Плоскина, как это принято говорить, практически не изменился с тех пор, когда они виделись в норе Рыбаконя. Только одет был несравненно лучше, хотя и в те давние, фарцовые времена имел немалые вещевые возможности. От него прямо–таки разило респектабельностью, и парфюм, и «котлы», и очень дорогая улыбка. Он поймал взгляд Ларисы и охотно объяснил, где ему делали зубы, и сколько он за это заплатил. Плоскина сохранил и свою жизнерадостность, был доволен жизнью, и не считал нужным это скрывать. Было в этом полнейшем отсутствии ханжества и жеманства, даже что–то симпатичное. Или Ларисе хотелось это симпатичное в нем разглядеть, труднее просить о помощи отвратительного тебе человека.
Это он пригласил ее сюда, наткнувшись буквально в вестибюле, она еще даже не успела добраться до редакции Виктора Петровича. Буквально со второго предложения Лариса открыла ему цель приезда. Плоскина радостно выпучил глаза. И сказал только одно: «Не здесь!»
— Не нужно, чтобы нас видели вместе. — Объяснил он, когда они уселись друг напротив друга.
— Ты стесняешься?
— Да, нет, — поморщился он, — конкуренция.
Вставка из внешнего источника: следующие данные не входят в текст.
Lemma prob_L_lt_relation n : a != 1 ->
  (1 - a) * \sum_(i < n.+3) (trunc n.+3 (Kcoef a 1 1) * trunc n.+3 (Kcoef a 1 1))`_i
  - prob_L_lt n.+3 + (2 * a - 1) * prob_L_lt n.+1 + (1 - a) = 0.
Proof.
move=> a1; set Pt := trunc n.+3 _.
have sum_Pt : \sum_(i < n.+3) Pt`_i = prob_L_lt n.+3.
  by apply: eq_bigr => i _; rewrite coef_trunc.
have sum_X2Pt : \sum_(i < n.+3) ('X^2 * Pt)`_i = prob_L_lt n.+1.
  rewrite 2!big_ord_recl !coefXnM /= !add0r; apply: eq_bigr => i _.
  by rewrite coefXnM /= subn2 /= coef_trunc // (leq_trans (ltn_ord i)) // ltnW.
have sum_X2 : \sum_(i < n.+3) ('X^2 : {poly R})`_i = 1.
  rewrite 3!big_ord_recl big1 => [|i _]; last by rewrite coefXn.
  by rewrite !coefXn /= !add0r addr0.
have Esum : \sum_(i < n.+3) ((1 - a)%:P * (Pt * Pt) - Pt
    + (2 * a - 1)%:P * ('X^2 * Pt) + (1 - a)%:P * 'X^2)`_i = 0.
  by apply: big1 => i _; rewrite (@Kcoef11_eq_modX n.+3 a1) // coef0.
rewrite -[RHS]Esum.
under [RHS]eq_bigr do rewrite !coefD coefN !coefCM.
by rewrite !big_split /= -!mulr_sumr sumrN sum_Pt sum_X2Pt sum_X2 mulr1.
Qed.

Lemma prob_L_lt_sqr_le M N : (2 * M <= N)%N ->
  prob_L_lt M ^+ 2
  <= \sum_(i < N) (trunc N (Kcoef a 1 1) * trunc N (Kcoef a 1 1))`_i.
Proof.
move=> MN; set Pt := trunc N _; pose Pm := trunc M (Kcoef a 1 1).
have Pm_le k : 0 <= Pm`_k <= Pt`_k.
  rewrite /Pm /Pt /trunc !coef_poly.
  case: (ltnP k M) => kM; last by case: (k < N)%N; rewrite ?lexx ?Kcoef11_ge0.
  rewrite ifT ?lexx ?Kcoef11_ge0 //; apply: leq_trans MN; apply: leq_trans kM _.
  by rewrite leq_pmull.
have -> : prob_L_lt M = Pm.[1].
  rewrite (horner_coef_wide 1 (size_poly M _)); apply: eq_bigr => i _.
  by rewrite expr1n mulr1 coef_trunc.
rewrite expr2 -hornerM (@horner_coef_wide _ N).
  apply: ler_sum => i _; rewrite expr1n mulr1 !coefM; apply: ler_sum => j _.
  by have /andP[? ?] := Pm_le j; have /andP[? ?] := Pm_le (i - j)%N; exact: ler_pM.
apply: leq_trans (size_polyMleq _ _) _; apply: leq_trans MN.
rewrite mul2n -addnn; apply: leq_trans (leq_pred _) _.
by apply: leq_add; exact: size_poly.
Qed.

(* The relation at [N = 2 M + 3] and [prob_L_lt_sqr_le]; as [M -> oo] the
   right-hand side tends to [(1 - a) (2 l - 1)], whence [(1 - a) (l - 1)^2 <= 0]
   when [l] is the limit. *)
Lemma prob_L_lt_sqr_bound l M : a != 1 -> (forall n, prob_L_lt n <= l) ->
  (1 - a) * prob_L_lt M ^+ 2
  <= 2 * (1 - a) * l + `|2 * a - 1| * (l - prob_L_lt M) - (1 - a).
Proof.
move=> a1 Sle; case/andP: (a01) => a_ge0 a_le1.
have rel := prob_L_lt_relation (2 * M) a1.
have sq := prob_L_lt_sqr_le (ltnW (ltnW (leqnSn (2 * M).+2))).
have h1 := Sle (2 * M).+3.
have h2 : prob_L_lt (2 * M).+1 <= prob_L_lt (2 * M).+3 by apply: prob_L_lt_nd; rewrite ltnW.
have h3 : prob_L_lt M <= prob_L_lt (2 * M).+1.
  by apply: prob_L_lt_nd; rewrite mul2n -addnn (leq_trans (leq_addr M M)).
have h4 := ler_norm (2 * a - 1); have h5 := normr_ge0 (2 * a - 1).
move: rel sq h1 h2 h3 h4 h5; set T := \sum_(i < _) _.
set S3 := prob_L_lt _.+3; set S1 := prob_L_lt _.+1; set S := prob_L_lt M.
move=> rel sq *.
have : (1 - a) * S ^+ 2 <= S3 - (2 * a - 1) * S1 - (1 - a) by nra.
by nra.
Qed.

End Recurrence.

Local Open Scope classical_set_scope.
Local Open Scope ring_scope.

Lemma prob_L_lt_cvg1 (R : realType) (a : R) : 0 < a < 1 -> prob_L_lt a @ \oo --> (1 : R).
Proof.
move=> /andP[a0 a1]; have a01 : 0 <= a <= 1 by rewrite !ltW.
have a_neq1 : a != 1 by rewrite lt_eqF.
have nd := prob_L_lt_nd a01.
have cS : cvgn (prob_L_lt a).
  by apply: nondecreasing_is_cvgn nd _; exists 1 => _ [n _ <-]; exact: prob_L_lt_le1.
set l := limn (prob_L_lt a) in cS.
have Sle : forall M, prob_L_lt a M <= l := nondecreasing_cvgn_le nd cS.
have bound M := prob_L_lt_sqr_bound a01 M a_neq1 Sle.
have lhs_cvg : (fun M => (1 - a) * prob_L_lt a M ^+ 2) @ \oo --> (1 - a) * l ^+ 2.
  under eq_fun do rewrite expr2.
  by rewrite expr2; apply: cvgM; [exact: cvg_cst | exact: cvgM].
have rhs_cvg : (fun M => 2 * (1 - a) * l + `|2 * a - 1| * (l - prob_L_lt a M) - (1 - a))
    @ \oo --> 2 * (1 - a) * l + `|2 * a - 1| * (l - l) - (1 - a).
  apply: cvgB; last exact: cvg_cst.
  apply: cvgD; first exact: cvg_cst.
  by apply: cvgM; [exact: cvg_cst | apply: cvgB; [exact: cvg_cst | exact: cS]].
have le_l : (1 - a) * l ^+ 2 <= 2 * (1 - a) * l + `|2 * a - 1| * (l - l) - (1 - a).
  by apply: (ler_cvg_to lhs_cvg rhs_cvg); exact: filterE.
rewrite subrr mulr0 addr0 in le_l.
have l1 : l = 1.
  by apply/eqP; rewrite -subr_eq0 -sqrf_eq0 eq_le sqr_ge0 andbT; nra.
by rewrite -l1.
Qed.

(** * Conditioning on the height *)

Lemma abs_pos_le e j : (absz (pos e j) <= j)%N.
Proof.
elim: j => [|j IH]; first by rewrite pos0.
rewrite /pos big_ord_recr /= -/(pos e j).
rewrite -lez_nat abszE (le_trans (ler_normD _ _)) //.
have -> : `|step (nth false e j)| = 1 by case: (nth false e j).
by rewrite -addn1 PoszD lerD2r -abszE lez_nat.
Qed.

Lemma heightle_size e N : (size e <= N)%N -> heightle e N.
Proof.
move=> eN; apply/forallP => j; apply/implyP => _.
by apply: leq_trans (abs_pos_le e j) _; apply: leq_trans eN; rewrite -ltnS.
Qed.

Section Height.
Variables (R : realType) (a : R).

Lemma KHcoef_eq (r y : R) N n : (n <= N)%N -> KHcoef a r y N n = Kcoef a r y n.
Proof.
by move=> nN; apply: eq_bigl => e; rewrite heightle_size ?andbT // size_tuple.
Qed.

Lemma pLH_eq N n : (n <= N)%N -> pLH a N n = Kcoef a 1 1 n.
Proof.
move=> nN; rewrite -(KHcoef_eq 1 1 nN); apply: eq_bigr => e _.
by rewrite !expr1n !mulr1.
Qed.

Hypothesis a01 : 0 <= a <= 1.

Lemma pathprob_ge0 e : 0 <= pathprob a e.
Proof.
case/andP: a01 => a0 a1; rewrite /pathprob mulr_ge0 ?invr_ge0 ?ler0n //.
by apply: prodr_ge0 => i _; case: ifP; rewrite ?subr_ge0.
Qed.

Lemma pLH_bounds N n : 0 <= pLH a N n <= Kcoef a 1 1 n.
Proof.
rewrite -(pLH_eq (leqnn n)) sumr_ge0 => [|e _]; last exact: pathprob_ge0.
rewrite /pLH big_mkcond [X in _ <= X]big_mkcond /=; apply: ler_sum => e _.
rewrite [heightle e n]heightle_size ?size_tuple // andbT.
by case: (excursion e) => //; case: heightle; rewrite ?pathprob_ge0.
Qed.

End Height.

Lemma pH_bounds (R : realType) (a : R) N : 0 <= a <= 1 ->
  prob_L_lt a N <= pH a N <= 1.
Proof.
move=> a01; pose T m := \sum_(k < m) pLH a N k.
have T_nd : nondecreasing_seq T.
  apply/nondecreasing_seqP => m; rewrite /T big_ord_recr /= lerDl.
  by case/andP: (pLH_bounds a01 N m).
have T_le m : T m <= prob_L_lt a m.
  by apply: ler_sum => k _; case/andP: (pLH_bounds a01 N k).
have T_le1 m : T m <= 1 by apply: le_trans (T_le m) (prob_L_lt_le1 a01 m).
have cT : cvgn T.
  by apply: nondecreasing_is_cvgn T_nd _; exists 1 => _ [m _ <-]; exact: T_le1.
apply/andP; split; last by apply: (cvgr_to_le cT); exact: filterE.
apply: le_trans (nondecreasing_cvgn_le T_nd cT N.+1).
have -> : prob_L_lt a N = \sum_(k < N) pLH a N k.
  by apply: eq_bigr => k _; rewrite pLH_eq // ltnW.
by rewrite /T big_ord_recr /= lerDl; case/andP: (pLH_bounds a01 N N).
Qed.
(* Let $G$ be a graph, $k$ a positive integer and $\mathbb{F}$ a field whose characteristic is either $0$ or a positive number not dividing $k$. Suppose the polynomials $y_v^k - 1$ ($v\in V(G)$) and $\sum_{j=0}^{k-1} y_u^{j} y_v^{k-1-j}$ ($\{u,v\}\in E(G)$) have a polynomial calculus refutation of degree $d$ over $\mathbb{F}$. Then $\mathbb{F}$ can be extended to a field $\mathbb{E}$ containing a primitive $k$th root of unity $w$, and the polynomials $$\sum_{j=1}^{k} x_{v,j} - 1 \ (v \in V(G)),\qquad x_{v,j}x_{v,j'} \ (v \in V(G),\ j\neq j' \in [k]),\qquad x_{u,j}x_{v,j}\ (\{u,v\} \in E(G),\ j \in [k])$$ have a polynomial calculus refutation over $\mathbb{E}$ of degree $\max\{2k,d\}$.
   Context: Polynomial calculus over a field $\mathbb{F}$: a derivation of $r$ from a set $S$ of polynomials is a sequence $p_1,\dots,p_\tau=r$ in which each $p_t$ is an element of $S$, a linear combination $\alpha p_i+\beta p_j$ ($i,j<t$, $\alpha,\beta$ field elements), a product $x p_i$ ($i<t$, $x$ a variable), or (for the system in the $\{0,1\}$-variables $x_{v,j}$) a Boolean axiom $x^2-x$. For the system in the variables $y_v$ no Boolean axioms are used. A refutation is a derivation of $1$; its degree is the maximum total degree of its polynomials. *)

From HB Require Import structures.
From mathcomp Require Import all_boot all_algebra.
From mathcomp Require Import mpoly.
Set Implicit Arguments. Unset Strict Implicit. Unset Printing Implicit Defensive.
Import GRing.Theory.
Local Open Scope ring_scope.

Section PC.
Variables (R : fieldType) (n : nat).

(* Total degree of a polynomial (the zero polynomial gets degree 0). *)
Definition pdeg (p : {mpoly R[n]}) : nat := (msize p).-1.

Definition pc_step (S : {mpoly R[n]} -> Prop) (bool_ax : bool)
  (prev : seq {mpoly R[n]}) (p : {mpoly R[n]}) : Prop :=
  [\/ S p,
      (exists q1 q2 (a b : R), [/\ q1 \in prev, q2 \in prev & p = a *: q1 + b *: q2]),
      (exists q (x : 'I_n), q \in prev /\ p = 'X_x * q)
    | bool_ax /\ (exists x : 'I_n, p = 'X_x ^+ 2 - 'X_x)].

Definition pc_derivation (S : {mpoly R[n]} -> Prop) (bool_ax : bool)
  (s : seq {mpoly R[n]}) : Prop :=
  forall t, (t < size s)%N -> pc_step S bool_ax (take t s) (nth 0 s t).

Definition pc_degree (s : seq {mpoly R[n]}) : nat := \max_(p <- s) pdeg p.

Definition pc_refutation (S : {mpoly R[n]} -> Prop) (bool_ax : bool)
  (d : nat) : Prop :=
  exists s : seq {mpoly R[n]},
    [/\ pc_derivation S bool_ax s, s != [::], last 0 s = 1 & pc_degree s = d].
End PC.

Definition y_var (F : fieldType) (V : finType) (v : V) : {mpoly F[#|V|]} :=
  'X_(enum_rank v).
(* For every $k\ge1$, a transduction $f:\Sigma^*\rightharpoonup\Gamma^*$ is $k$-lexicographic (i.e. belongs to $\mathsf{Lex}_k$) if and only if it is $k$-lexicographic automatic.
   Context: Alphabets are finite. For words $u,v$ of equal length over alphabets $\Sigma_1,\Sigma_2$, $u\otimes v$ is the word over $\Sigma_1\times\Sigma_2$ with $(u\otimes v)[i]=(u[i],v[i])$. A transduction is a partial function $f:\Sigma^*\rightharpoonup\Gamma^*$. A simple transduction is a transduction $f=\sum_{i=1}^n L_i\triangleright w_i$, where $L_1,\dots,L_n\subseteq\Sigma^*$ are pairwise disjoint regular languages and each $w_i\in\Gamma^{\le 1}$ is a word of length at most 1. It satisfies $f(u)=w_i$ if $u\in L_i$, and $f(u)$ is undefined if $u\notin\bigcup_iL_i$. An ordered alphabet is a pair $\lambda=(B,\prec)$ with $B$ a finite set and $\prec$ a strict linear order on $B$. The order is extended to $B^n$ for each $n$ by: $u\prec v$ iff there is $i\le n$ with $u[i]\prec v[i]$ and $u[j]=v[j]$ for all $i<j\le n$ (most significant letter on the right). For a transduction $f:(\Sigma\times B)^*\rightharpoonup\Gamma^*$, the transduction $\mathsf{maplex}_\lambda f:\Sigma^*\rightharpoonup\Gamma^*$ maps $u$ to $f(u\otimes b_1)f(u\otimes b_2)\cdots f(u\otimes b_m)$, where $b_1\prec\cdots\prec b_m$ is the increasing enumeration of all of $B^{|u|}$. It is defined on $u$ iff every $f(u\otimes b_j)$ is defined. The classes are defined inductively: - $\mathsf{Lex}_0$ is the class of simple transductions; - $\mathsf{Lex}_{k+1}=\{\mathsf{maplex}_\lambda f: \lambda=(B,\prec)\text{ an ordered alphabet},\ f:(\Sigma\times B)^*\rightharpoonup\Gamma^*\text{ in }\mathsf{Lex}_k\}$; - $\mathsf{Lex}=\bigcup_k\mathsf{Lex}_k$, the lexicographic transductions. Elements of $\mathsf{Lex}_k$ are called $k$-lexicographic. A $k$-lexicographic automatic transducer from $\Sigma^*$ to $\Gamma^*$ consists of: - ordered alphabets $\lambda_i=(B_i,\prec_i)$, $1\le i\le k$, with $B=B_1\times\cdots\times B_k$; - finite automata $A_{dom}$ over $\Sigma$, $A_{univ}$ over $\Sigma\times B$, and $A_\gamma$ over $\Sigma\times B$ for each $\gamma\in\Gamma$. These must satisfy: for every $u\in L(A_{dom})$ and every $x$ with $u\otimes x\in L(A_{univ})$, exactly one $\gamma$ has $u\otimes x\in L(A_\gamma)$. For $x=x_1\otimes\cdots\otimes x_k$ and $y=y_1\otimes\cdots\otimes y_k$ with $x_i,y_i\in B_i^n$, let $x\prec_{\bar\lambda}y$ iff there is $i$ with $x_i\prec_i y_i$ (in the lexicographic extension) and $x_j=y_j$ for all $j<i$. On $u\in L(A_{dom})$, the output is the word whose positions are the elements of $V=\{x\in B^{|u|}: u\otimes x\in L(A_{univ})\}$ in increasing $\prec_{\bar\lambda}$-order, position $x$ carrying the label $\gamma$ with $u\otimes x\in L(A_\gamma)$. The output is undefined if $u\notin L(A_{dom})$. A transduction is $k$-lexicographic automatic if it is defined by such a transducer. *)

From mathcomp Require Import all_boot.
Set Implicit Arguments.
Unset Strict Implicit.
Unset Printing Implicit Defensive.

Definition transduction (S G : finType) := seq S -> option (seq G).

Record dfa (A : finType) := DFA {
  dfa_st : finType;
  dfa_s : dfa_st;
  dfa_acc : pred dfa_st;
  dfa_tr : dfa_st -> A -> dfa_st }.

Definition accepts (A : finType) (M : dfa A) (w : seq A) : bool :=
  @dfa_acc A M (foldl (@dfa_tr A M) (@dfa_s A M) w).

Definition wtensor (S B : finType) (u : seq S) (x : seq B) : seq (S * B) :=
  zip u x.

Definition simple_trans (S G : finType) (f : transduction S G) : Prop :=
  exists (n : nat) (L : 'I_n -> dfa S) (w : 'I_n -> seq G),
    (forall i j : 'I_n, i != j -> forall u, ~~ (accepts (L i) u && accepts (L j) u)) /\
    (forall i, size (w i) <= 1) /\
    (forall u, (forall i, accepts (L i) u -> f u = Some (w i)) /\
               ((forall i, ~~ accepts (L i) u) -> f u = None)).

Record ordAlph := OrdAlph {
  oa_T :> finType;
  oa_lt : rel oa_T;
  oa_irr : irreflexive oa_lt;
  oa_trans : transitive oa_lt;
  oa_total : forall x y : oa_T, x != y -> oa_lt x y || oa_lt y x }.

(* Extension of the order to B^n: most significant letter on the right. *)
Definition rlex_lt (B : ordAlph) (n : nat) (u v : n.-tuple B) : bool :=
  [exists i : 'I_n, oa_lt (tnth u i) (tnth v i) &&
     [forall j : 'I_n, (i < j) ==> (tnth u j == tnth v j)]].

Definition rlex_le (B : ordAlph) (n : nat) (u v : n.-tuple B) : bool :=
  (u == v) || rlex_lt u v.

Definition enum_words (B : ordAlph) (n : nat) : seq (n.-tuple B) :=
  sort (@rlex_le B n) (enum {: n.-tuple B}).

Definition maplex (S G : finType) (B : ordAlph)
    (f : transduction (S * B)%type G) : transduction S G :=
  fun u =>
    let outs := map (fun x : (size u).-tuple B => f (wtensor u x))
                    (enum_words B (size u)) in
    if all (fun o => o != None) outs then Some (flatten (pmap id outs)) else None.

Inductive isLex : nat -> forall (S G : finType), transduction S G -> Prop :=
  | Lex0 (S G : finType) (f : transduction S G) :
      simple_trans f -> isLex 0 f
  | LexS (k : nat) (S G : finType) (B : ordAlph)
      (g : transduction (S * B)%type G) (f : transduction S G) :
      isLex k g -> (forall u, f u = maplex g u) -> isLex k.+1 f.

Definition prodAlph (k : nat) (lam : 'I_k -> ordAlph) : finType :=
  {dffun forall i : 'I_k, lam i}.

Definition comp_word (k : nat) (lam : 'I_k -> ordAlph) (n : nat)
    (x : n.-tuple (prodAlph lam)) (i : 'I_k) : n.-tuple (lam i) :=
  map_tuple (fun b : prodAlph lam => b i) x.

Definition multi_lt (k : nat) (lam : 'I_k -> ordAlph) (n : nat)
    (x y : n.-tuple (prodAlph lam)) : bool :=
  [exists i : 'I_k, rlex_lt (comp_word x i) (comp_word y i) &&
     [forall j : 'I_k, (j < i) ==> (comp_word x j == comp_word y j)]].

Definition multi_le (k : nat) (lam : 'I_k -> ordAlph) (n : nat)
    (x y : n.-tuple (prodAlph lam)) : bool :=
  (x == y) || multi_lt x y.

Definition auto_valid (S G : finType) (k : nat) (lam : 'I_k -> ordAlph)
    (Adom : dfa S) (Auniv : dfa (S * prodAlph lam)%type)
    (Ag : G -> dfa (S * prodAlph lam)%type) : Prop :=
  forall u, accepts Adom u ->
    forall x : (size u).-tuple (prodAlph lam),
      accepts Auniv (wtensor u x) ->
      exists! g : G, accepts (Ag g) (wtensor u x).

Definition auto_sem (S G : finType) (k : nat) (lam : 'I_k -> ordAlph)
    (Adom : dfa S) (Auniv : dfa (S * prodAlph lam)%type)
    (Ag : G -> dfa (S * prodAlph lam)%type) : transduction S G :=
  fun u =>
    if accepts Adom u then
      let V := [seq x : (size u).-tuple (prodAlph lam) <- enum {: (size u).-tuple (prodAlph lam)}
                 | accepts Auniv (wtensor u x)] in
      let Vs := sort (@multi_le k lam (size u)) V in
      Some (pmap (fun x : (size u).-tuple (prodAlph lam) => [pick g : G | accepts (Ag g) (wtensor u x)]) Vs)
    else None.

Definition lex_automatic (k : nat) (S G : finType) (f : transduction S G) : Prop :=
  exists (lam : 'I_k -> ordAlph) (Adom : dfa S)
         (Auniv : dfa (S * prodAlph lam)%type)
         (Ag : G -> dfa (S * prodAlph lam)%type),
    auto_valid Adom Auniv Ag /\ forall u, f u = auto_sem Adom Auniv Ag u.

(* Automatic transducers make sense for any family of strict total orders on
   the tuples C^n over their auxiliary alphabet C, and they transfer along
   alphabet bijections that respect the orders.  Over a one-letter alphabet
   they are exactly the simple transductions.  Writing B_1 x ... x B_(k+1) as
   B_1 x (B_2 x ... x B_(k+1)), the order of the transducer compares the
   B_1-track first, so sorting by it lists, for the B_1-words in increasing
   order, blocks sorted by the remaining order: this is literally maplex over
   B_1.  Hence maplex of an automatic g is automatic (its domain being the
   universal projection of that of g), and conversely an automatic f is maplex
   of the automatic transducer that reads the B_1-track as input. *)

From mathcomp Require Import all_boot zify.

Set Implicit Arguments.
Unset Strict Implicit.
Unset Printing Implicit Defensive.

Lemma pmap_map (A B C : Type) (f : B -> option C) (g : A -> B) s :
  pmap f (map g s) = pmap (fun x => f (g x)) s.
Proof. by elim: s => //= a s ->. Qed.

Lemma pmap_flatten (A T : Type) (f : A -> option T) (ss : seq (seq A)) :
  pmap f (flatten ss) = flatten (map (pmap f) ss).
Proof. by elim: ss => //= s ss <-; rewrite pmap_cat. Qed.

Lemma flatten_map_filter (A T : Type) (F : A -> seq T) (p : pred A) s :
  (forall a, ~~ p a -> F a = [::]) -> flatten (map F s) = flatten (map F (filter p s)).
Proof.
by move=> F_nil; elim: s => //= a s IH; case: ifP => pa /=; rewrite IH // F_nil ?pa.
Qed.

Lemma enum_singleton (T : finType) (t0 : T) : (forall t, t = t0) -> enum T = [:: t0].
Proof.
move=> T_single; have := enum_uniq T; have : t0 \in enum T by rewrite mem_enum.
case: (enum T) => [|x [|y s]] //; first by rewrite (T_single x).
by move=> _; rewrite /= (T_single x) (T_single y) inE eqxx.
Qed.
Не хочу, чтобы кто–нибудь узнал слишком рано, о моих планах.
— А у тебя уже есть план?
Плоскина плотоядно захихикал.
— Ты еще рта не успела раскрыть, а я уже все придумал.
— Да, придумывать ты всегда умел. Как твои, кстати, идеи с переделкой классических киношных сюжетов?
— А-а, это, ну, у меня еще сорок таких идей, и даже лучше. Но сейчас — не распыляться. Сейчас у нас на повестке — генерал Белугин.
Лариса кивнула. Она тоже считала, что сейчас главное — Белугин.
Томная официантка поставила перед ними по стакану свежевыжатого сока и чашке кофе, Плоскина автоматически похлопал ее по бедру. Она отпрыгнула с возмущенным шипением
— Вы что?!
Он мельком глянул в ее сторону.
— Извините, ошибся.
И тут же к Ларисе.
— Послезавтра у Киселева.
Это настолько превосходило представления Ларисы об успехе, что она нахмурилась. Издевается.
— Только одно условие. — Плоскина сделался серьезен.
Не издевается.
— Все должно выглядеть так, будто Белугин позвонил прямо в студию, и его появление должно выглядеть как экспромт. Ты хочешь спросить, для чего это нам надо?